The real name of the project is the Center for Optical Logic Devices, which, although its creation still has plenty to do with politics, is not a political entity in and of itself. (Anybody can see that.) The Frist project is a biometrics research effort between Fisk University and Idaho State.
McCain’s spokesman, Marshall Wittmann, said the Senator acknowledges his error but, as he put it, “To paraphrase Shakespeare, pork by any other name is still pork.”
Bad Taste. A news conference held by Sen.

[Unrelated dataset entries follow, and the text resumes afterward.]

Lemma lie_bracketZr k u v : lie_bracket L u (k *: v) = k *: lie_bracket L u v.
Proof. exact: (linear_funZ (@lie_linear_r _ L u)). Qed.

Lemma lie_bracket0l v : lie_bracket L 0 v = 0.
Proof. exact: (linear_fun0 (@lie_linear_l _ L v)). Qed.

Lemma lie_bracket0r u : lie_bracket L u 0 = 0.
Proof. exact: (linear_fun0 (@lie_linear_r _ L u)). Qed.

Lemma prederivation_eigen_bracket (P : L -> L) (u v w : L) (a b c : F) :
  prederivation P -> P u = a *: u -> P v = b *: v -> P w = c *: w ->
  P (lie_bracket L u (lie_bracket L v w)) =
    (a + b + c) *: lie_bracket L u (lie_bracket L v w).
Proof.
move=> [_ P_bracket] Pu Pv Pw.
by rewrite P_bracket Pu Pv Pw !lie_bracketZl !lie_bracketZr !scalerDl.
Qed.

End LieBracket.

Lemma periodic_prederivation_eigen_ad4_eq0 (C : numClosedFieldType) (L : lieAlgebra C)
    (P : L -> L) (u v : L) (z e : C) :
  prederivation P -> periodic P -> P u = z *: u -> P v = e *: v ->
  iter 4 (lie_bracket L u) v = 0.
Proof.
move=> P_pre [m [m_gt0 P_period]] Pu Pv.
rewrite -[iter 4 _ v]/(iter 2 _ (iter 2 _ v)); set w2 := iter 2 _ v; set w4 := iter 2 _ w2.
apply/eqP/contraT => w4_neq0.
have norm1 (w : L) lam : w != 0 -> P w = lam *: w -> `|lam| = 1.
  move=> w_neq0 Pw; apply: (norm_unity_root m_gt0).
  exact: eigenvalue_unity_of_iter P_pre.1 Pw w_neq0 (P_period w).
have Pw2 : P w2 = (z *+ 2 + e) *: w2.
  by rewrite [LHS](prederivation_eigen_bracket P_pre Pu Pu Pv) -mulr2n.
have Pw4 : P w4 = (z *+ 4 + e) *: w4.
  rewrite [LHS](prederivation_eigen_bracket P_pre Pu Pu Pw2).
  by rewrite -mulr2n addrA -mulrnDr.
have w2_neq0 : w2 != 0.
  by apply: contraNneq w4_neq0 => w2_eq0; rewrite /w4 w2_eq0 /= !lie_bracket0r.
have u_neq0 : u != 0.
  by apply: contraNneq w4_neq0 => u_eq0; rewrite /w4 u_eq0 /= lie_bracket0l.
have v_neq0 : v != 0.
  by apply: contraNneq w2_neq0 => v_eq0; rewrite /w2 v_eq0 /= !lie_bracket0r.
case: (unit_norm_progression_false (norm1 _ _ u_neq0 Pu) (norm1 _ _ v_neq0 Pv)
  (norm1 _ _ w2_neq0 Pw2) (norm1 _ _ w4_neq0 Pw4)).
Qed.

Sam Brownback (R-Kan.) to advocate adult stem-cell research — and backhandedly denounce embryonic stem-cell research — backfired a little bit last week.

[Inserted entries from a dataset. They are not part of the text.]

(* The monoid $\mathcal{BR}(\mathfrak{S}_n)$ is presented by generators $e_1,\ldots,e_{n-1}$ and $z_1,\ldots,z_{n-1}$ subject to the relations: $e_i^2=e_i$ and $e_ie_j=e_je_i$ for all $i,j$; $z_iz_jz_i=z_jz_iz_j$ for $|i-j|=1$; $z_iz_j=z_jz_i$ for $|i-j|>1$; $e_iz_j=z_je_i$ for all $i,j$; $z_i^2=e_i$; $e_iz_i=z_i$.
   Context: $\mathfrak{C}_n$ is the partition monoid: set partitions of $[2n]$ (top points $1,\dots,n$, bottom points $n+1,\dots,2n$) with concatenation product $I*J$ (identify bottom point $n+i$ of $I$ with top point $i$ of $J$, join blocks transitively, delete the middle points). $I\preceq J$ means each block of $J$ is a union of blocks of $I$. $\mathfrak{S}_n\subseteq\mathfrak{C}_n$ consists of the partitions with all blocks of the form $\{i,n+j\}$; $s_i$ is the simple transposition; $1=\{\{i,n+i\}\}$. A set partition $J$ of $[2n]$ is boxed if $1\preceq J$ and the restriction of $J$ to $[n]$ is linear (all blocks intervals). $\mathcal{BR}(\mathfrak{S}_n)$ is the set of pairs $(I,J)$ with $I\in\mathfrak{S}_n$, $J$ boxed, $I\preceq J$, with product $(I,J)(H,K)=(I*H,J*K)$. Let $b_i$ be obtained from $1$ by merging the blocks $\{i,n+i\}$ and $\{i+1,n+i+1\}$; $e_i=(1,b_i)$ and $z_i=(s_i,b_i)$. *)

From mathcomp Require Import all_boot.
Set Implicit Arguments. Unset Strict Implicit. Unset Printing Implicit Defensive.

(* Points of [2n], 0-based: top points 0..n-1 (paper: 1..n),
   bottom points n..2n-1 (paper: n+1..2n).
   A set partition of [2n] is encoded by its equivalence relation
   ("x and y lie in the same block"), stored as a finite function so that
   equality of partitions is Leibniz equality. *)
Definition spart (n : nat) := {ffun 'I_(n + n) * 'I_(n + n) -> bool}.

Definition is_setpart n (P : spart n) : bool :=
  [&& [forall x, P (x, x)],
      [forall x, forall y, P (x, y) ==> P (y, x)] &
      [forall x, forall y, forall z, P (x, y) ==> P (y, z) ==> P (x, z)]].

Definition rel_nat n (P : spart n) (a b : nat) : bool :=
  match (insub a : option 'I_(n + n)), (insub b : option 'I_(n + n)) with
  | Some x, Some y => P (x, y)
  | _, _ => false
  end.

(* Concatenation I * J: points of I are 0..2n-1, points of J are shifted by n
   (so bottom point n+i of I is identified with top point i of J, both being
   n+i); blocks are joined transitively (connect), and the middle points
   n..2n-1 are deleted: top point i of the result is i, bottom point n+i of
   the result is 2n+i. *)
Definition cat_edge n (I J : spart n) : rel 'I_(n + n + n) :=
  fun a b => rel_nat I a b || [&& n <= a, n <= b & rel_nat J (a - n) (b - n)].

Definition out_pt n (x : nat) : nat := if x < n then x else x + n.

Definition pmul n (I J : spart n) : spart n :=
  [ffun p => [exists a : 'I_(n + n + n), exists b : 'I_(n + n + n),
      [&& val a == out_pt n (val p.1), val b == out_pt n (val p.2)
        & connect (cat_edge I J) a b]]].

Definition preceq n (I J : spart n) : bool := [forall p, I p ==> J p].

Definition pone n : spart n :=
  [ffun p => (val p.1 %% n == val p.2 %% n)].

(* membership in S_n: every block is of the form {i, n+j} with i, j in [n],
   i.e. each block contains exactly one top and exactly one bottom point *)
Definition is_permpart n (I : spart n) : bool :=
  [forall x, (#|[set y | I (x, y) && (val y < n)]| == 1)
          && (#|[set y | I (x, y) && (n <= val y)]| == 1)].

(* boxed: 1 ≼ J and restriction of J to the top points is linear
   (all blocks of the restriction are intervals) *)
Definition boxed n (J : spart n) : bool :=
  preceq (pone n) J &&
  [forall x, forall y, forall z,
     [&& val x < val z, val z < val y, val y < n & J (x, y)] ==> J (x, z)].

Brownback, a major Senate opponent of embryonic stem-cell research, held a small news conference in his office in lieu of a hearing he has twice “postponed” showcasing two young accident victims in wheelchairs who recently underwent surgeries using their own stem cells.
Brownback spokesman Brian Hart said the intent of the news conference was “to show that these two young ladies can now talk, walk and shake hands.”
A source who attended the news conference said the two young women, both still partially paralyzed, had severely atrophied muscles. Brownback asked one of them to “stand up” and show everyone what a success her surgery was. But she couldn’t, explaining that she didn’t have her leg braces with her and wasn’t prepared. “It was cruel. It was in really bad taste,” the source told HOH.
The biggest surprise came when a reporter asked the father of Laura Dominguez, one of the patients, what he thought about President Bush’s 2001 decision against expanding stem-cell research. The decision came two weeks after doctors told the Dominguez family that Laura would be “a complete quadriplegic” from her car accident.
“It was a complete slap in the face,” Dominguez said of the president’s position. The other young woman in a wheelchair loudly chimed in: “Why aren’t they doing anything?” One source who attended the news conference told HOH that “their frustration was clearly evident.”
Spokesman Hart says he doesn’t remember Dominguez calling Bush’s policy a “slap in the face.” Instead, he reported, Dominguez said, “It was like getting the wind knocked out of me.”
Same thing, if you ask HOH.
Hart said Brownback wasn’t taken aback by his guests’ obvious difference of opinions on embryonic stem-cell research.